The scans of the anterior segment with the prototype are not completely comparable with the scans made with commercially available systems. On the one hand, there is a difference in tissue penetration caused by the central wavelength of the SLD light sources. The prototype has a central wavelength of 830 nm vs 1310 nm in the commercially available systems. A longer wavelength allows for a slightly better penetration of the highly scattering structures in the anterior segment.16 On the other hand, the prototype is an FD-OCT in contrast to the commercially available systems, which are time domain (TD).12, 17 The FD-OCT has a faster scanning speed and an increased resolution, but a reduced scan depth (2 mm in the SLSCAN-1 vs >5 mm in TD-OCT). The images of the anterior segment made with the prototype seemed to be of acceptable quality (Figure 1e and f).

The OCT is becoming increasingly important in ophthalmology for both diagnosis and follow-up of patients. The slit lamp with integrated OCT enables to make OCT images during the normal standard examination with the slit lamp, without interfering with the functionality of the slit lamp. This increases the efficiency of the routine clinical examination of a patient, will increase the comfort of the patient seated behind just one device, and will save time.
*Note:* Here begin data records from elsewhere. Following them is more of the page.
Theorem theorem2 (R : realType) :
  [/\ (forall n : nat, (0 < n)%N ->
         Expect (fun s : 'S_n => (S_walk s)%:R : R) = 2 * Hn R n - 2),
      (fun n : nat => Expect (fun s : 'S_n => (S_walk s)%:R : R)
          - (2 * ln (n%:R : R) + 2 * euler_gamma R - 2)) @ \oo --> (0 : R),
      (forall n : nat, (0 < n)%N ->
         Var (fun s : 'S_n => (S_walk s)%:R : R)
         = 2 * (Hn R n - Hn2 R n)
           + 2 * Cov (fun s : 'S_n => (L_min s)%:R : R) (fun s => (R_min s)%:R))
    & exists C : R, forall n : nat, (0 < n)%N ->
         `| Var (fun s : 'S_n => (S_walk s)%:R : R) - 2 * ln (n%:R : R) | <= C].
Proof.
split.
- by case=> [//|n] _; exact: Expect_S_walk.
- have gap_cvg : (fun n => 2 * (harmonic_gap R n - euler_gamma R)) @ \oo --> (0 : R).
    by rewrite -(mulr0 2); apply: cvgMl_tmp; apply/subr_cvg0/harmonic_gap_cvg.
  apply: cvg_trans gap_cvg; apply: near_eq_cvg; exists 1%N => // -[//|n] _ /=.
  by rewrite Expect_S_walk /harmonic_gap; ring.
- by case=> [//|n] _; exact: Var_S_walk.
- exists 6 => -[//|n] _; rewrite Var_S_walk Cov_L_min_R_min.
  have := harmonic_gap_ge0 R n; have := harmonic_gap_le1 R n.
  have := Hn2_ge1 R n; have := Hn2_le2 R n.
  by rewrite /harmonic_gap ler_norml => *; apply/andP; split; lra.
Qed.
(* Let $(E,\|\cdot\|)$ be a normed space over $K$ and let $A$ be a local compactoid in $E$. If the linear span $[A]$, with the norm restricted from $E$, is a Banach space, then $A$ is the sum of a compactoid and a space of finite type, i.e. $A=B+D$ for some compactoid $B\subseteq E$ and some linear subspace $D\subseteq E$ which, with the induced topology, is of finite type.
   Context: $K$ is a field complete with respect to a non-trivial non-archimedean absolute value, $B_K=\{x\in K:|x|\le1\}$; norms and seminorms are non-archimedean. Absolutely convex = $B_K$-submodule; $[X]$ is the linear span and $\mathrm{aco}\,X$ the absolutely convex hull. A compactoid is an absolutely convex $B$ such that for every zero neighbourhood $U$ there is a finite $S$ with $B\subseteq U+\mathrm{aco}\,S$. A local compactoid in $E$ is an absolutely convex $A$ such that for every zero neighbourhood $U$ there is a finite $S\subseteq E$ with $A\subseteq U+[S]$. A locally convex space $D$ is of finite type if for every continuous seminorm $p$ on $D$, the normed space $D/\{p=0\}$ is finite-dimensional. *)

From HB Require Import structures.
From mathcomp Require Import all_boot all_order all_algebra.
From mathcomp Require Import boolp classical_sets reals.
Set Implicit Arguments. Unset Strict Implicit. Unset Printing Implicit Defensive.
Import Order.TTheory GRing.Theory Num.Theory.
Local Open Scope ring_scope.
Local Open Scope classical_set_scope.
Lemma sumr_gt0_exists (R : realDomainType) (I : finType) (F : I -> R) :
  0 < \sum_i F i -> exists i, 0 < F i.
Proof.
move=> sum_gt0; apply: contrapT => noF.
suff : \sum_i F i <= 0 by rewrite leNgt sum_gt0.
by apply: sumr_le0 => i _; rewrite leNgt; apply/negP => Fi; apply: noF; exists i.
Qed.

(** * Entropic optimal transport between uniform marginals *)

Section EntropicTransport.
Variables (R : realType) (N : nat) (eps : R).
Hypotheses (N_gt0 : (0 < N)%N) (eps_gt0 : 0 < eps).
Implicit Types (C : 'I_N -> 'I_N -> R) (P Q E : 'M[R]_N).

Definition coupling (P : 'M[R]_N) :=
  [/\ forall i j, 0 <= P i j, forall i, \sum_j P i j = N%:R^-1
    & forall j, \sum_i P i j = N%:R^-1].

Lemma invN_gt0 : 0 < N%:R^-1 :> R.
Proof. by rewrite invr_gt0 ltr0n. Qed.

Lemma coupling_le1 P : coupling P -> forall i j, P i j <= 1.
Proof.
case=> P_ge0 rowP _ i j; apply: (@le_trans _ _ (\sum_b P i b)).
  by rewrite (bigD1 j) //= lerDl sumr_ge0.
by rewrite rowP invf_le1 ?ler1n ?ltr0n.
Qed.

Lemma coupling_entry01 P : coupling P -> forall a b, 0 <= P a b <= 1.
Proof. by move=> cP a b; have [P_ge0 _ _] := cP; rewrite P_ge0 coupling_le1. Qed.

Definition swap_mx (i j k l : 'I_N) : 'M[R]_N :=
  delta_mx i j - delta_mx i l - delta_mx k j + delta_mx k l.

Lemma swap_mxE i j k l a b : swap_mx i j k l a b =
  delta_mx i j a b - delta_mx i l a b - delta_mx k j a b + delta_mx k l a b.
Proof. by rewrite !mxE. Qed.

Lemma sum_delta_mx_row (i j a : 'I_N) : \sum_b (delta_mx i j a b : R) = (a == i)%:R.
Proof.
rewrite (bigD1 j) //= big1 => [|b /negbTE bj]; last by rewrite mxE bj andbF.
by rewrite mxE eqxx andbT addr0.
Qed.

Lemma sum_delta_mx_col (i j b : 'I_N) : \sum_a (delta_mx i j a b : R) = (b == j)%:R.
Proof.
rewrite (bigD1 i) //= big1 => [|a /negbTE ai]; last by rewrite mxE ai.
by rewrite mxE eqxx addr0.
Qed.

Lemma sum_delta_mx (i j : 'I_N) (w : 'I_N -> 'I_N -> R) :
  \sum_a \sum_b delta_mx i j a b * w a b = w i j.
Proof.
rewrite (bigD1 i) //= [X in _ + X]big1 => [|a /negbTE ai]; last first.
  by rewrite big1 // => b _; rewrite mxE ai mul0r.
rewrite (bigD1 j) //= big1 => [|b /negbTE bj]; last by rewrite mxE bj andbF mul0r.
by rewrite mxE !eqxx mul1r !addr0.
Qed.

Lemma swap_mx_row i j k l a : \sum_b swap_mx i j k l a b = 0.
Proof.
under eq_bigr do rewrite swap_mxE.
by rewrite !big_split /= !sumrN !sum_delta_mx_row; ring.
Qed.

Lemma swap_mx_col i j k l b : \sum_a swap_mx i j k l a b = 0.
Proof.
under eq_bigr do rewrite swap_mxE.
by rewrite !big_split /= !sumrN !sum_delta_mx_col; ring.
Qed.

Lemma sum_swap_mx i j k l (w : 'I_N -> 'I_N -> R) :
  \sum_a \sum_b swap_mx i j k l a b * w a b = w i j - w i l - w k j + w k l.
Proof.
under eq_bigr do under eq_bigr do rewrite swap_mxE !mulrDl !mulNr.
under eq_bigr do rewrite !big_split /= !sumrN.
by rewrite !big_split /= !sumrN !sum_delta_mx.
Qed.

Lemma delta_mx01 (i j a b : 'I_N) : 0 <= (delta_mx i j a b : R) <= 1.
Proof. by rewrite mxE ler0n lern1 leq_b1. Qed.

Lemma abs_swap_mx_le2 i j k l a b : `|swap_mx i j k l a b| <= 2.
Proof.
rewrite swap_mxE ler_norml.
move: (delta_mx01 i j a b) (delta_mx01 i l a b).
move: (delta_mx01 k j a b) (delta_mx01 k l a b).
by move=> /andP[? ?] /andP[? ?] /andP[? ?] /andP[? ?]; apply/andP; split; lra.
Qed.

Lemma add_swap_mx_ge0 (P : 'M[R]_N) i j k l t : i != k -> j != l ->
  (forall a b, 0 <= P a b) -> 0 <= t -> t <= P i l -> t <= P k j ->
  forall a b, 0 <= P a b + t * swap_mx i j k l a b.
Proof.
move=> ik jl P_ge0 t_ge0 t_le_il t_le_kj a b; rewrite swap_mxE !mxE.
have [/andP[/eqP-> /eqP->]|not_il] := boolP ((a == i) && (b == l)).
  by rewrite !eqxx eq_sym (negbTE jl) (negbTE ik) /=; lra.
have [/andP[/eqP-> /eqP->]|not_kj] := boolP ((a == k) && (b == j)).
  by rewrite !eqxx eq_sym (negbTE ik) (negbTE jl) andbF /=; lra.
rewrite /= !mulr0n !subr0.
by apply: addr_ge0 => //; apply: mulr_ge0 => //; apply: addr_ge0.
Qed.

Lemma coupling_perturb (P E : 'M[R]_N) t : coupling P ->
  (forall a, \sum_b E a b = 0) -> (forall b, \sum_a E a b = 0) ->
  (forall a b, 0 <= P a b + t * E a b) -> coupling (P + t *: E).
Proof.
case=> _ rowP colP rowE colE ge0; split.
- by move=> a b; rewrite !mxE.
- move=> a; under eq_bigr do rewrite !mxE.
  by rewrite big_split /= -mulr_sumr rowE mulr0 addr0 rowP.
- move=> b; under eq_bigr do rewrite !mxE.
  by rewrite big_split /= -mulr_sumr colE mulr0 addr0 colP.
Qed.

Definition entry_cost (c p : R) := p * c + eps * xlnx p.

Definition entropic_cost (C : 'I_N -> 'I_N -> R) (P : 'M[R]_N) :=
  \sum_i \sum_j entry_cost (C i j) (P i j).

Definition entropic_slope (C : 'I_N -> 'I_N -> R) (P E : 'M[R]_N) :=
  \sum_a \sum_b E a b * (C a b + eps * (ln (P a b) + 1)).

Definition entropic_curvature (P E : 'M[R]_N) :=
  \sum_a \sum_b eps * (E a b ^+ 2 / P a b).

Lemma entry_cost_perturb_le c p s : 0 <= p -> 0 <= p + s <= 1 ->
  entry_cost c (p + s) - entry_cost c p
  <= s * (c + eps * (ln p + 1)) + eps * (s ^+ 2 / p).
Proof.
move=> p_ge0 ps01; have := xlnx_perturb_le p_ge0 ps01.
move/(ler_wpM2l (ltW eps_gt0)); rewrite /entry_cost; lra.
Qed.

Lemma entropic_costB C P Q : entropic_cost C Q - entropic_cost C P
  = \sum_a \sum_b (entry_cost (C a b) (Q a b) - entry_cost (C a b) (P a b)).
Proof. by rewrite /entropic_cost -sumrB; apply: eq_bigr => a _; rewrite sumrB. Qed.

Lemma sum_perturb_bound C P E t :
  \sum_a \sum_b (t * E a b * (C a b + eps * (ln (P a b) + 1))
                 + eps * ((t * E a b) ^+ 2 / P a b))
  = t * entropic_slope C P E + t ^+ 2 * entropic_curvature P E.
Proof.
rewrite /entropic_slope /entropic_curvature !mulr_sumr -big_split.
apply: eq_bigr => a _; rewrite !mulr_sumr -big_split.
by apply: eq_bigr => b _ /=; rewrite exprMn; ring.
Qed.

Lemma sum2_le_entry (F G : 'I_N -> 'I_N -> R) i j :
  (forall a b, F a b <= G a b) ->
  \sum_a \sum_b F a b <= \sum_a \sum_b G a b - G i j + F i j.
Proof.
move=> FG; rewrite !pair_bigA (bigD1 (i, j)) // [X in _ <= X - _ + _](bigD1 (i, j)) //=.
have : \sum_(p | p != (i, j)) F p.1 p.2 <= \sum_(p | p != (i, j)) G p.1 p.2.
  by apply: ler_sum => p _; exact: FG.
lra.
Qed.

Lemma entropic_cost_perturb_le C P E t :
  (forall a b, 0 <= P a b) -> (forall a b, 0 <= P a b + t * E a b <= 1) ->
  entropic_cost C (P + t *: E) - entropic_cost C P
  <= t * entropic_slope C P E + t ^+ 2 * entropic_curvature P E.
Proof.
move=> P_ge0 PE01; rewrite entropic_costB -sum_perturb_bound.
apply: ler_sum => a _; apply: ler_sum => b _; rewrite !mxE.
exact: entry_cost_perturb_le (P_ge0 a b) (PE01 a b).
Qed.

Lemma entropic_cost_perturb_zero_le C P E t i j :
  (forall a b, 0 <= P a b) -> (forall a b, 0 <= P a b + t * E a b <= 1) ->
  P i j = 0 -> E i j = 1 ->
  entropic_cost C (P + t *: E) - entropic_cost C P
  <= t * entropic_slope C P E + t ^+ 2 * entropic_curvature P E
     + eps * (xlnx t - t).
Proof.
move=> P_ge0 PE01 Pij Eij; rewrite entropic_costB -sum_perturb_bound.
apply: le_trans (sum2_le_entry i j _) _ => [a b|].
  by rewrite !mxE; exact: entry_cost_perturb_le (P_ge0 a b) (PE01 a b).
rewrite !mxE Pij Eij /entry_cost (xlnx_le0 (lexx 0)) (ln0 (lexx 0)) invr0.
by rewrite !mulr0 mulr1 !add0r; lra.
Qed.

Lemma entropic_curvature_ge0 P E : (forall a b, 0 <= P a b) ->
  0 <= entropic_curvature P E.
Proof.
move=> P_ge0; apply: sumr_ge0 => a _; apply: sumr_ge0 => b _.
by rewrite mulr_ge0 ?divr_ge0 ?sqr_ge0 // ltW.
Qed.

Section Argmin.
Variables (C : 'I_N -> 'I_N -> R) (P : 'M[R]_N).
Hypotheses (cP : coupling P)
  (P_min : forall Q, coupling Q -> entropic_cost C P <= entropic_cost C Q).

(* If P i j = 0, shifting mass t around a cycle through the positive
   entries P i l and P k j gains eps t ln t, which beats the O(t) change of
   the rest of the cost. *)
Lemma entropic_argmin_gt0 i j : 0 < P i j.
Proof.
have [P_ge0 rowP colP] := cP.
rewrite lt_def P_ge0 andbT; apply/negP => /eqP Pij.
have [l Pil] : exists l, 0 < P i l by apply: sumr_gt0_exists; rewrite rowP invN_gt0.
have [k Pkj] : exists k, 0 < P k j by apply: sumr_gt0_exists; rewrite colP invN_gt0.
have ik : i != k by apply: contraTneq Pkj => <-; rewrite Pij ltxx.
have jl : j != l by apply: contraTneq Pil => <-; rewrite Pij ltxx.
set E := swap_mx i j k l.
have d_gt0 : 0 < Num.min (P i l) (P k j) by rewrite lt_min Pil Pkj.
have [t /andP[t_gt0 t_le] descent] := exists_xlnx_descent (entropic_slope C P E)
  eps_gt0 (entropic_curvature_ge0 E P_ge0) d_gt0.
move: t_le; rewrite le_min => /andP[t_le_il t_le_kj].
have cPE : coupling (P + t *: E).
  apply: coupling_perturb => //; [exact: swap_mx_row | exact: swap_mx_col|].
  exact: add_swap_mx_ge0 ik jl P_ge0 (ltW t_gt0) t_le_il t_le_kj.
have PE01 a b : 0 <= P a b + t * E a b <= 1.
  by have := coupling_entry01 cPE a b; rewrite !mxE.
have Eij : E i j = 1.
  by rewrite swap_mxE !mxE !eqxx (negbTE jl) (negbTE ik) /= !mulr0n !subr0 addr0.
have := entropic_cost_perturb_zero_le C P_ge0 PE01 Pij Eij.
have := P_min cPE; rewrite -subr_ge0 => /le_trans/[apply].
by rewrite leNgt descent.
Qed.

Lemma entropic_argmin_stationary i j k l :
  C i j + eps * ln (P i j) + (C k l + eps * ln (P k l))
  = C i l + eps * ln (P i l) + (C k j + eps * ln (P k j)).
Proof.
have [P_ge0 _ _] := cP; have P_gt0 := entropic_argmin_gt0.
suff : entropic_slope C P (swap_mx i j k l) = 0.
  by rewrite /entropic_slope sum_swap_mx; lra.
(* S^-1 bounds all entries of P from below, so the cycle perturbations
   P + t E with |t| <= S^-1 / 2 remain couplings. *)
set S := \sum_a \sum_b (P a b)^-1.
have invP_le a b : (P a b)^-1 <= S.
  rewrite /S (bigD1 a) //= (bigD1 b) //= -addrA lerDl.
  by apply: addr_ge0; apply: sumr_ge0 => *; [|apply: sumr_ge0 => *];
    rewrite invr_ge0 P_ge0.
have S_gt0 : 0 < S by apply: lt_le_trans (invP_le i j); rewrite invr_gt0.
have P_lb a b : S^-1 <= P a b.
  by rewrite -[P a b]invrK lef_pV2 ?posrE ?invr_gt0.
set E := swap_mx i j k l.
apply: (linear_quadratic_ge0_eq0 (d := S^-1 / 2) _ (entropic_curvature_ge0 E P_ge0)).
  by rewrite divr_gt0 ?invr_gt0.
move=> t t_le.
have PE_ge0 a b : 0 <= P a b + t * E a b.
  have : `|t * E a b| <= S^-1.
    rewrite normrM -[leRHS](divfK (_ : 2 != 0)) ?pnatr_eq0 //.
    exact: ler_pM t_le (abs_swap_mx_le2 i j k l a b).
  rewrite ler_norml => /andP[lb _]; have := P_lb a b; lra.
have cPE : coupling (P + t *: E).
  by apply: coupling_perturb => //; [exact: swap_mx_row | exact: swap_mx_col].
have PE01 a b : 0 <= P a b + t * E a b <= 1.
  by have := coupling_entry01 cPE a b; rewrite !mxE.
apply: le_trans (entropic_cost_perturb_le C P_ge0 PE01).
by rewrite subr_ge0; exact: P_min.
Qed.

Lemma entropic_argmin_scaling : exists u beta : 'I_N -> R,
  [/\ forall i, 0 < u i, forall j, 0 < beta j
    & forall i j, P i j = u i * expR (- (C i j / eps)) * beta j].
Proof.
pose i0 : 'I_N := Ordinal N_gt0.
(* Stationarity makes rho additively separable:
   rho i j = rho i i0 + rho i0 j - rho i0 i0. *)
pose rho a b := C a b / eps + ln (P a b).
exists (fun i => expR (rho i i0 - rho i0 i0)), (fun j => expR (rho i0 j)).
split=> [i|j|i j]; rewrite ?expR_gt0 //.
rewrite -!expRD -[LHS]lnK ?posrE ?entropic_argmin_gt0 //; congr expR.
have eps_neq0 : eps != 0 by rewrite gt_eqF.
apply: (mulfI eps_neq0).
rewrite /rho !mulrDr !mulrN !mulrDr !(mulrC eps (_ / eps)) !divfK //.
have := entropic_argmin_stationary i j i0 i0; lra.
Qed.

End Argmin.
End EntropicTransport.

Local Open Scope classical_set_scope.

(** * Existence of a minimiser *)

Section MatrixTopology.
Variable R : realType.

Lemma continuous_sum (T : topologicalType) (V : normedModType R) (I : Type)
    (r : seq I) (F : I -> T -> V) :
  (forall i, continuous (F i)) -> continuous (fun t => \sum_(i <- r) F i t).
Proof.
move=> F_cont; elim: r => [|i r IHr].
  by under eq_fun do rewrite big_nil; exact: cst_continuous.
by under eq_fun do rewrite big_cons; move=> t; exact: cvgD (F_cont i t) (IHr t).
Qed.

Lemma continuous_qnorm2 m (M : 'M[R]_m) : continuous (qnorm2 M).
Proof.
rewrite (_ : qnorm2 M = fun v => \sum_a \sum_b v a 0 * M a b * v b 0).
  apply: continuous_sum => a; apply: continuous_sum => b v.
  exact: cvgM (cvgM (@coord_continuous _ _ _ a 0 v) (cvg_cst _))
    (@coord_continuous _ _ _ b 0 v).
by apply/funext => v; rewrite qnorm2E.
Qed.

Lemma continuous_mx_entries (T : topologicalType) m n (f : T -> 'M[R]_(m, n)) :
  (forall i j, continuous (fun t => f t i j)) -> continuous f.
Proof.
move=> f_cont t A [/= U U_nbhs UA]; apply: filterS (fun s Us => UA _ Us) _.
apply: filter_forall => i; apply: filter_forall => j.
exact: f_cont i j t _ (U_nbhs i j).
Qed.

Lemma continuous_vec_mx m n : continuous (@vec_mx R m n).
Proof.
apply: continuous_mx_entries => i j.
under eq_fun do rewrite mxE; exact: coord_continuous.
Qed.

Lemma mx_box_compact m n (a b : R) :
  compact [set M : 'M[R]_(m, n) | forall i j, a <= M i j <= b].
Proof.
have -> : [set M : 'M[R]_(m, n) | forall i j, a <= M i j <= b]
    = vec_mx @` [set v : 'rV[R]_(m * n) | forall k, `[a, b]%classic (v ord0 k)].
  apply/seteqP; split=> [M M_box|_ [v v_box <-] i j].
    exists (mxvec M); last exact: mxvecK.
    by move=> k; case/mxvec_indexP: k => i j; rewrite mxvecE /= in_itv /= M_box.
  by have := v_box (mxvec_index i j); rewrite mxE /= in_itv.
apply: continuous_compact; first exact: continuous_subspaceT (@continuous_vec_mx _ _).
exact: (@rV_compact R (m * n) (fun _ => `[a, b]%classic)
  (fun _ => @segment_compact R a b)).
Qed.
In many clinics OCT examinations are performed by technicians, not directly familiar with the pathology at hand. This could lead to inadequate scans missing the relevant pathology. With the slit lamp with integrated OCT the ophthalmologist himself will make the OCT scans, directing the scan to the area of interest, observed with slit lamp biomicroscopy, avoiding this problem.

In conclusion, this study shows that the prototype of an FD–OCT system integrated into a slit lamp can make excellent images of both the anterior and posterior segment. The add-on FD-OCT prototype did not interfere with the standard examinations performed with the slit lamp. Efficiency of patient examinations is greatly improved, because OCT images can be made directly during routine examination with the slit lamp.